No, the "XL" actually stands for "Long-term." It’s a completely new architecture, and it’s fascinating because it solves a problem that WebP and AVIF actually ignore: legacy migration.
Talk to me about legacy migration. Are we talking about converting my old vacation photos? Because I have a hard drive from two thousand eight that is basically a graveyard of low-res JPEGs.
Yes, but in a way that feels like magic. JPEG XL has a feature called "lossless transcoding." You can take an existing JPEG—one of those old, blocky ones from ten years ago—and convert it to a JPEG XL file. It will be twenty percent smaller, but it is mathematically identical to the original. You aren't "re-compressing" it and losing more quality; you’re just repacking the data more efficiently. And here’s the kicker: you can convert it back to the original JPEG at any time, bit-for-bit.
Wait, that’s huge. So I can save twenty percent of my storage space today, and if for some reason the world decides to go back to nineteen ninety-two, my files are still "original"? It’s like a zip file that stays an image.
Precisely. Well—there I go again with the "P" word. Let's just say, that is exactly why the professional archiving and photography communities are obsessed with it. JPEG XL also handles ultra-high resolutions—we're talking up to a billion pixels—and it supports high bit depths like ten, twelve, or even thirty-two-bit float for HDR. AVIF is great for the web, but JPEG XL is looking like the future of high-end digital imaging.
But wait, if JPEG XL is so good, why did I read that it was struggling? I remember hearing that Google Chrome actually removed support for JPEG XL a few years back. It felt like they were trying to kill it off to favor their own formats like WebP or AVIF.
They did. In twenty-twenty-two, they pulled the experimental support, claiming there wasn't enough interest, which caused a huge outcry in the developer community. It was a very controversial move because JPEG XL is actually faster to decode than AVIF and has better features for high-end photography. But as of the last year or so, we’ve seen a massive resurgence. Professional tools like Adobe Photoshop and the major camera manufacturers are starting to bake it in. It’s a classic battle between "efficiency for the web" versus "quality for the creator."
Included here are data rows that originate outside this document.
(* Given a side X of U avoiding W, every vertex of U \ W lies in the side
   of W containing X (the vertex has a neighbour in X). *)
Lemma cut_vertex_in_side (U W X Y : {set V}) (u : V) : #|U| = k -> is_cut e U ->
  is_side e U X -> (forall z, z \in X -> z \notin W) -> X \subset Y -> is_side e W Y ->
  u \in U -> u \notin W -> u \in Y.
Proof.
move=> cU ctU sX dX XY sY uU uW; have [x xX eux] := min_cut_neighbour cU ctU sX uU.
by apply: (side_edge_closed sY (subsetP XY x xX)) uW; rewrite e_sym.
Qed.

Lemma side_avoiding_cut_within (U W X Y : {set V}) (u : V) : #|U| = k -> is_cut e U ->
  is_side e U X -> (forall z, z \in X -> z \notin W) -> is_side e W Y ->
  u \in U -> u \notin W -> u \in Y -> X \subset Y.
Proof.
move=> cU ctU sX dX sY uU uW uY; have [x xX eux] := min_cut_neighbour cU ctU sX uU.
exact: side_within_side sX dX sY xX (side_edge_closed sY uY eux (dX x xX)).
Qed.

Definition in_one_side (U W : {set V}) : bool :=
  [exists X, is_side e U X && (W \subset U :|: X)].

Lemma laminar_side (U W X0 : {set V}) : #|U| = k -> is_cut e U -> #|W| = k -> W != U ->
  is_side e U X0 -> W \subset U :|: X0 ->
  exists Y, [/\ is_side e W Y, U :\: W \subset Y &
                forall X, is_side e U X -> X != X0 -> X \subset Y].
Proof.
move=> cU ctU cW nWU sX0 WUX0.
have [u uU uW] : exists2 u, u \in U & u \notin W.
  by apply/subsetPn; apply: contra nWU => UW; rewrite eq_sym eqEcard UW cU cW /=.
have [Y sY uY] := side_of e_sym uW.
have dX : forall X, is_side e U X -> X != X0 -> forall z, z \in X -> z \notin W.
  move=> X sX nX z zX; apply: contraL zX => /(subsetP WUX0); rewrite inE.
  case/orP=> [zU | zX0]; first by apply: contraL zU; exact: side_notin sX.
  by apply: sides_disjoint sX0 sX _ zX0; rewrite eq_sym.
have XY X (sX : is_side e U X) (nX : X != X0) : X \subset Y :=
  side_avoiding_cut_within cU ctU sX (dX X sX nX) sY uU uW uY.
have [X1 sX1 nX1] := other_side e_sym X0 ctU.
exists Y; split=> //; apply/subsetP => v; rewrite inE => /andP[vW vU].
exact: cut_vertex_in_side cU ctU sX1 (dX _ sX1 nX1) (XY _ sX1 nX1) sY vU vW.
Qed.

Lemma in_one_sideC (U W : {set V}) : #|U| = k -> #|W| = k -> is_cut e W -> W != U ->
  in_one_side W U -> in_one_side U W.
Proof.
move=> cU cW ctW nWU /existsP[Y /andP[sY UWY]].
have nUW : U != W by rewrite eq_sym.
have [X [sX WUX _]] := laminar_side cW ctW cU nUW sY UWY.
apply/existsP; exists X; rewrite sX /=; apply/subsetP => z zW; rewrite inE.
by case: (boolP (z \in U)) => //= zU; apply: (subsetP WUX); rewrite inE zU.
Qed.

(* If some side X of U avoided W, U would lie within W and the side of W
   containing X; so otherwise every side of U meets W. *)
Lemma sides_meet_cut (U W X : {set V}) : #|U| = k -> is_cut e U ->
  ~~ in_one_side W U -> is_side e U X -> W :&: X != set0.
Proof.
move=> cU ctU nUW sX; apply: contraNN nUW => /eqP WX0.
have dX z (zX : z \in X) : z \notin W.
  by apply: contra_eqN WX0 => zW; apply/set0Pn; exists z; rewrite inE zW zX.
have [x xX] : exists x, x \in X by case/andP: sX => /set0Pn.
have [Y sY xY] := side_of e_sym (dX x xX).
have XY := side_within_side sX dX sY xX xY.
apply/existsP; exists Y; rewrite sY /=; apply/subsetP => u uU; rewrite inE.
by case: (boolP (u \in W)) => //= uW; exact: cut_vertex_in_side cU ctU sX dX XY sY uU uW.
Qed.

(* The two set identities of the laminar type, with Y = B j0 the side of W
   given by [laminar_side] and X0 = A i0 the side of U containing W \ U. *)
Lemma laminar_identity_U (U W Y : {set V}) (a : nat) (A : nat -> {set V}) (i0 : nat) :
  enum_sides e U a A -> i0 < a -> is_side e W Y -> U :\: W \subset Y ->
  (forall X, is_side e U X -> X != A i0 -> X \subset Y) ->
  Y :\: A i0 = (U :\: W) :|: \bigcup_(i < a | val i != i0) A i.
Proof.
move=> enA i0a sY UWY oY; have sA0 := enum_side enA i0a.
apply/setP=> z; rewrite !inE; apply/idP/idP.
- case/andP=> zA zY; have zW := side_notin sY zY.
  case: (boolP (z \in U)) => zU; first by rewrite zW.
  by rewrite (mem_other_sides e_sym enA zU zA) orbT.
- case/orP=> [/andP[zW zU] | /(other_sides_mem enA i0a)[X [sX nX zX]]].
    have zY : z \in Y by apply: (subsetP UWY); rewrite inE zW zU.
    by rewrite zY andbT; apply: contraL zU; exact: side_notin sA0.
  rewrite (subsetP (oY X sX nX) z zX) andbT.
  exact: sides_disjoint sX sA0 nX zX.
Qed.
Lemma dzb_hh q j l m : D q -> dzb j (hh g m l) q = conjc (dz j (hh g l m) q).
Proof.
move=> Dq; have hh_near : \forall x \near q, hh g m l x = conjc (hh g l m x).
  by apply: filterS (near_D Dq) => x; apply: hh_conj.
rewrite /dzb /dz !(near_eq_Dc _ hh_near) !Dc_conj; try exact: cderivable_hh.
rewrite rmorphM rmorphB rmorphM fmorphV rmorph_nat; congr (_ * _).
move: (Dc _ _ q) (Dc _ _ q) => [a b] [c d]; apply/eqP; rewrite eq_complex /=.
by apply/andP; split; apply/eqP; ring.
Qed.

Definition gmx (q : Pt) : 'M[R[i]]_n := \matrix_(a, b) g a b q.

Lemma gmx_unit q : D q -> gmx q \in unitmx.
Proof.
move=> Dq; rewrite unitmxE unitfE; apply/negP => /det0P[v v0 vM].
have [j vj] : exists j, v 0 j != 0.
  apply/existsP; apply: contraR v0; rewrite negb_exists => /forallP v_0.
  by apply/eqP/rowP => j; rewrite mxE; apply/eqP; move: (v_0 j); rewrite negbK.
case: g_smooth => _ _ /(_ q Dq (v 0) (ex_intro _ j vj)).
rewrite exchange_big /= big1 ?ltxx // => k _; rewrite -mulr_suml.
have /rowP/(_ k) := vM; rewrite !mxE => vMk.
by rewrite (eq_bigr (fun i => v 0 i * gmx q i k)) ?vMk ?mul0r // => i _; rewrite mxE.
Qed.

Lemma ginvE q i j : D q -> ginv g q i j = (\det (gmx q))^-1 * cofactor (gmx q) i j.
Proof. by move=> Dq; rewrite /ginv -/(gmx q) /invmx gmx_unit // !mxE. Qed.

Lemma cderivable_ginv v q i j : D q -> cderivable v (fun x => ginv g x i j) q.
Proof.
move=> Dq; have dM k l : cderivable v (fun x => gmx x k l) q.
  by apply: cderivable_ext (cderivable_g v k l Dq) => x; rewrite mxE.
apply: (@cderivable_near _ _ _ _ (fun x => (\det (gmx x))^-1 * cofactor (gmx x) i j)).
  by apply: filterS (near_D Dq) => x Dx; rewrite ginvE.
apply: cderivableM; last exact: cderivable_cofactor.
by apply: cderivableV (cderivable_det dM); rewrite -unitfE -unitmxE gmx_unit.
Qed.

Lemma ginv_conj q a b : D q -> conjc (ginv g q a b) = ginv g q b a.
Proof.
move=> Dq; rewrite /ginv -/(gmx q).
have -> : conjc (invmx (gmx q) b a) = map_mx conjc (invmx (gmx q)) b a by rewrite mxE.
have gT : map_mx conjc (gmx q) = (gmx q)^T.
  by apply/matrixP => x y; rewrite !mxE (g_conj x y Dq) conjcK.
by rewrite map_invmx gT -trmx_inv mxE.
Qed.

Lemma gmx_ginv q i k : D q -> \sum_j g k j q * ginv g q i j = (k == i)%:R.
Proof.
move=> Dq; have /matrixP/(_ k i) := mulmxV (gmx_unit Dq).
by rewrite !mxE => <-; apply: eq_bigr => j _; rewrite mxE.
Qed.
It feels like the "Image Wars." We’ve got AVIF in the red corner, backed by the web performance crowd, and JPEG XL in the blue corner, backed by the photographers. Who wins? Or do we just end up in a world where we need twelve different codecs to open a meme? Is there a risk of "format exhaustion" where we just give up and go back to screenshots?
The winner, honestly, is the "Image CDN." If you’re a user browsing the web in twenty-twenty-six, you probably don't even know what format you’re looking at. Services like Cloudinary or Akamai use something called "Content Negotiation." When your browser requests an image, the server looks at your "Accept" header. It says, "Oh, Corn is using a modern browser that supports AVIF? Cool, I’ll send him the tiny AVIF version." If you’re on some ancient tablet that only speaks JPEG, it sends you the old-school version.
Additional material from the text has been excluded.